No, I knew what it would be. I excused myself, ran to my bookshelf, and took out a copy of Floating on the Neversink and held it in front of the computer’s camera.
“Here is my book,” I said. “See the familiar cover?”
The attendees nodded with quizzical expressions. Then I opened it to the inside title page and raised it toward the camera. It said, Severe Behavior Problems: A Functional Communication Training Approach. I didn’t turn to the copyright date of 1990, thirty years before, but flipped through the pages, revealing numerous graphs, charts, questionnaires, and other indices of aberrant behavior. My attendees continued to shrug and form muted questions with their lips.
With the book in hand, I said, “When I received my first carton of fifty author books, there were eleven copies like this, with the correct book jacket but this totally different inside book.”

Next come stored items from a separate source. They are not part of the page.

Lemma dotf_memv_span (T : finType) (s : seq {ffun T -> algC^o}) v (w : T -> algC) :
  v \in <<s>>%VS -> (forall u, u \in s -> dotf u w = 0) -> dotf v w = 0.
Proof.
move=> /(coord_span (X := in_tuple s)) -> s_orth.
rewrite /dotf; under eq_bigr do rewrite sum_ffunE mulr_suml.
rewrite exchange_big big1 // => i _.
under eq_bigr do rewrite ffunE -mulrA.
by rewrite -mulr_sumr -/(dotf _ w) s_orth ?mulr0 // mem_nth ?size_tuple.
Qed.

Section TensorProducts.
Variables (F K : finFieldType) (n m q k : nat) (C : {vspace 'rV[F]_n}).

Lemma dotf_Phi (H1 H2 : K -> 'rV[F]_n -> algC) (L M : 'rV[K]_m) :
  dotf (Phi C q k H1 L) (Phi C q k H2 M) =
  \prod_i dotf (phi C q k H1 (L 0 i)) (phi C q k H2 (M 0 i)).
Proof.
rewrite /dotf -sum_prod_rows; apply: eq_bigr => X _.
by rewrite !ffunE rmorph_prod -big_split.
Qed.

Lemma Phi_mem_QH (H : K -> 'rV[F]_n -> algC) (D : {vspace 'rV[K]_m}) L :
  L \in D -> Phi C q k H L \in QH C q k H D.
Proof.
by move=> LD; apply/memv_span/map_f; rewrite mem_filter LD mem_enum in_setT.
Qed.

Variables (p : nat) (H : K -> 'rV[F]_n -> algC).
Hypotheses (qkK : (q ^ k)%N = #|K|) (BH_H : is_BH C (q ^ k) p H).

Lemma Phi_orthogonal (L M : 'rV[K]_m) : L != M ->
  dotf (Phi C q k H L) (Phi C q k H M) = 0.
Proof.
move=> neq_LM; have /existsP [i neq_LMi] : [exists i, L 0 i != M 0 i].
  apply: contraNT neq_LM => /existsPn eq_LM.
  by apply/eqP/rowP => i; apply/eqP/negPn/eq_LM.
by rewrite dotf_Phi (bigD1 i) //= (phi_orthonormal qkK BH_H) (negbTE neq_LMi) mul0r.
Qed.

Lemma QH_orthogonal (D : {vspace 'rV[K]_m}) (M : 'rV[K]_m) v :
  M \notin D -> v \in QH C q k H D -> dotf v (Phi C q k H M) = 0.
Proof.
move=> MND /dotf_memv_span -> // u /mapP [L]; rewrite mem_filter => /andP [LD _] ->.
by apply: Phi_orthogonal; apply: contraNneq MND => <-.
Qed.

End TensorProducts.

Lemma delta_mx_fullv (R : fieldType) (m : nat) (D : {vspace 'rV[R]_m}) :
  (forall i, delta_mx 0 i \in D) -> D = fullv.
Proof.
move=> deltaD; apply/eqP; rewrite eqEsubv subvf /=; apply/subvP => v _.
by rewrite (matrix_sum_delta v) big_ord1; apply: memv_suml => i _; rewrite memvZ.
Qed.

Section Rigidity.
Variables (F K : finFieldType) (n m q k p : nat) (C : {vspace 'rV[F]_n}).
Variables (H H' : K -> 'rV[F]_n -> algC) (D : {vspace 'rV[K]_m}).
Hypotheses (qkK : (q ^ k)%N = #|K|) (cardC : #|C| = #|K|).
Hypotheses (BH_H : is_BH C (q ^ k) p H) (BH_H' : is_BH C (q ^ k) p H').
Hypotheses (D_proper : (\dim D < m)%N)
  (D_cover : forall i, exists2 d, d \in D & d 0 i = 1)
  (QH_eq : QH C q k H D = QH C q k H' D).

Local Notation ph := (phi C q k H).
Local Notation ph' := (phi C q k H').

Local Notation overlap l mu := (dotf (ph' l) (ph mu)).

Lemma overlap_closed (L M : 'rV[K]_m) :
  L \in D -> (forall i, overlap (L 0 i) (M 0 i) != 0) -> M \in D.
Proof.
move=> LD overlap_LM; apply: contraT => MND.
have PhiL : Phi C q k H' L \in QH C q k H D by rewrite QH_eq Phi_mem_QH.
have : \prod_i overlap (L 0 i) (M 0 i) != 0 by apply/prodf_neq0 => i _.
by rewrite -dotf_Phi (QH_orthogonal qkK BH_H MND PhiL) eqxx.
Qed.

Lemma overlap_exists l : exists mu, overlap l mu != 0.
Proof.
apply/existsP; apply: contraT => /existsPn overlap0.
have ph'0 x : ph' l x = 0.
  rewrite (phi_expand qkK BH_H cardC (phi_supp l)) big1 // => mu _.
  by move: (overlap0 mu); rewrite negbK => /eqP ->; rewrite mul0r.
have := phi_orthonormal qkK BH_H' l l; rewrite eqxx /dotf big1 => [/eqP|x _].
  by rewrite eq_sym oner_eq0.
by rewrite ph'0 mul0r.
Qed.

Let sigma l := odflt l [pick mu | overlap l mu != 0].

Lemma overlap_sigma l : overlap l (sigma l) != 0.
Proof.
by rewrite /sigma; case: pickP => [//|none]; have [mu] := overlap_exists l; rewrite none.
Qed.

Lemma delta_mx_mem l mu mu' i : overlap l mu != 0 -> overlap l mu' != 0 ->
  mu != mu' -> delta_mx 0 i \in D.
Proof.
move=> ov_mu ov_mu' neq_mu; have [d dD di] := D_cover i.
pose M nu : 'rV[K]_m := \row_j (if j == i then nu else sigma (l * d 0 j)).
have MD nu : overlap l nu != 0 -> M nu \in D.
  move=> ov_nu; apply: (@overlap_closed (l *: d)); first by rewrite memvZ.
  move=> j; rewrite !mxE; case: (eqVneq j i) => [-> | _]; last exact: overlap_sigma.
  by rewrite di mulr1.
(* [M mu] and [M mu'] lie in [D] and differ only in coordinate [i]. *)
have <- : (mu - mu')^-1 *: (M mu - M mu') = delta_mx 0 i.
  apply/rowP => j; rewrite !mxE eqxx /=.
  case: (eqVneq j i) => _; last by rewrite subrr mulr0.
  by rewrite mulVf // subr_eq0.
by rewrite memvZ // memvB // MD.
Qed.

Lemma overlap_unique l mu : overlap l mu != 0 -> mu = sigma l.
Proof.
move=> ov_mu; apply/eqP; apply: contraT => neq_mu.
have /delta_mx_fullv D_full i : delta_mx 0 i \in D.
  exact: delta_mx_mem ov_mu (overlap_sigma l) neq_mu.
by move: D_proper; rewrite D_full dimvf /dim /= mul1n ltnn.
Qed.

Lemma phi_sigma l x : ph' l x = overlap l (sigma l) * ph (sigma l) x.
Proof.
rewrite (phi_expand qkK BH_H cardC (phi_supp l)) (bigD1 (sigma l)) //=.
rewrite big1 ?addr0 // => mu.
by have [-> _|/overlap_unique -> /eqP //] := eqVneq (overlap l mu) 0; rewrite mul0r.
Qed.

Lemma sigma_inj : injective sigma.
Proof.
move=> l1 l2 eq_sigma; apply/eqP; apply: contraT => neq_l.
have := phi_orthonormal qkK BH_H' l1 l2; rewrite (negbTE neq_l).
have -> : dotf (ph' l1) (ph' l2) = overlap l1 (sigma l1) *
    (overlap l2 (sigma l2))^* * dotf (ph (sigma l1)) (ph (sigma l2)).
  rewrite /dotf mulr_sumr; apply: eq_bigr => x _.
  by rewrite !phi_sigma rmorphM mulrACA.
rewrite eq_sigma (phi_orthonormal qkK BH_H) eqxx mulr1 => /eqP.
by rewrite mulf_eq0 conjC_eq0 -{1}eq_sigma !(negbTE (overlap_sigma _)).
Qed.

Ever open to the prophetic nature of irony, I thought it strange that my story of dysfunctional family life would be unknowingly replaced by studies of severe behavior problems, but immediately appreciated the shock value I would have at moments like these. This was a perfect visual aid. I didn’t need a graph to prove it.
Patricia Barry says
Great essay on the publisher/printer’s mistake inserting the wrong book into the cover for Floating in the Neversink. Engagingly told, with a sense of irony and some humor, given the “severe behavior problems” subject of the mistaken substitution!
Katherine Kirkpatrick says
What a story!!! That really was a nightmare that you received the wrong book inside the cover for your own book. The print-on-demand book industry still has a few quirks to work out.
penelope laitin says
Wow. Amazing!! Glad to c this became a good story!!!
Arline says
This is a wonderful literary version of lemonade, a comical drink squeezed out of absurdities.
Thank you Andy. I loved the refreshment!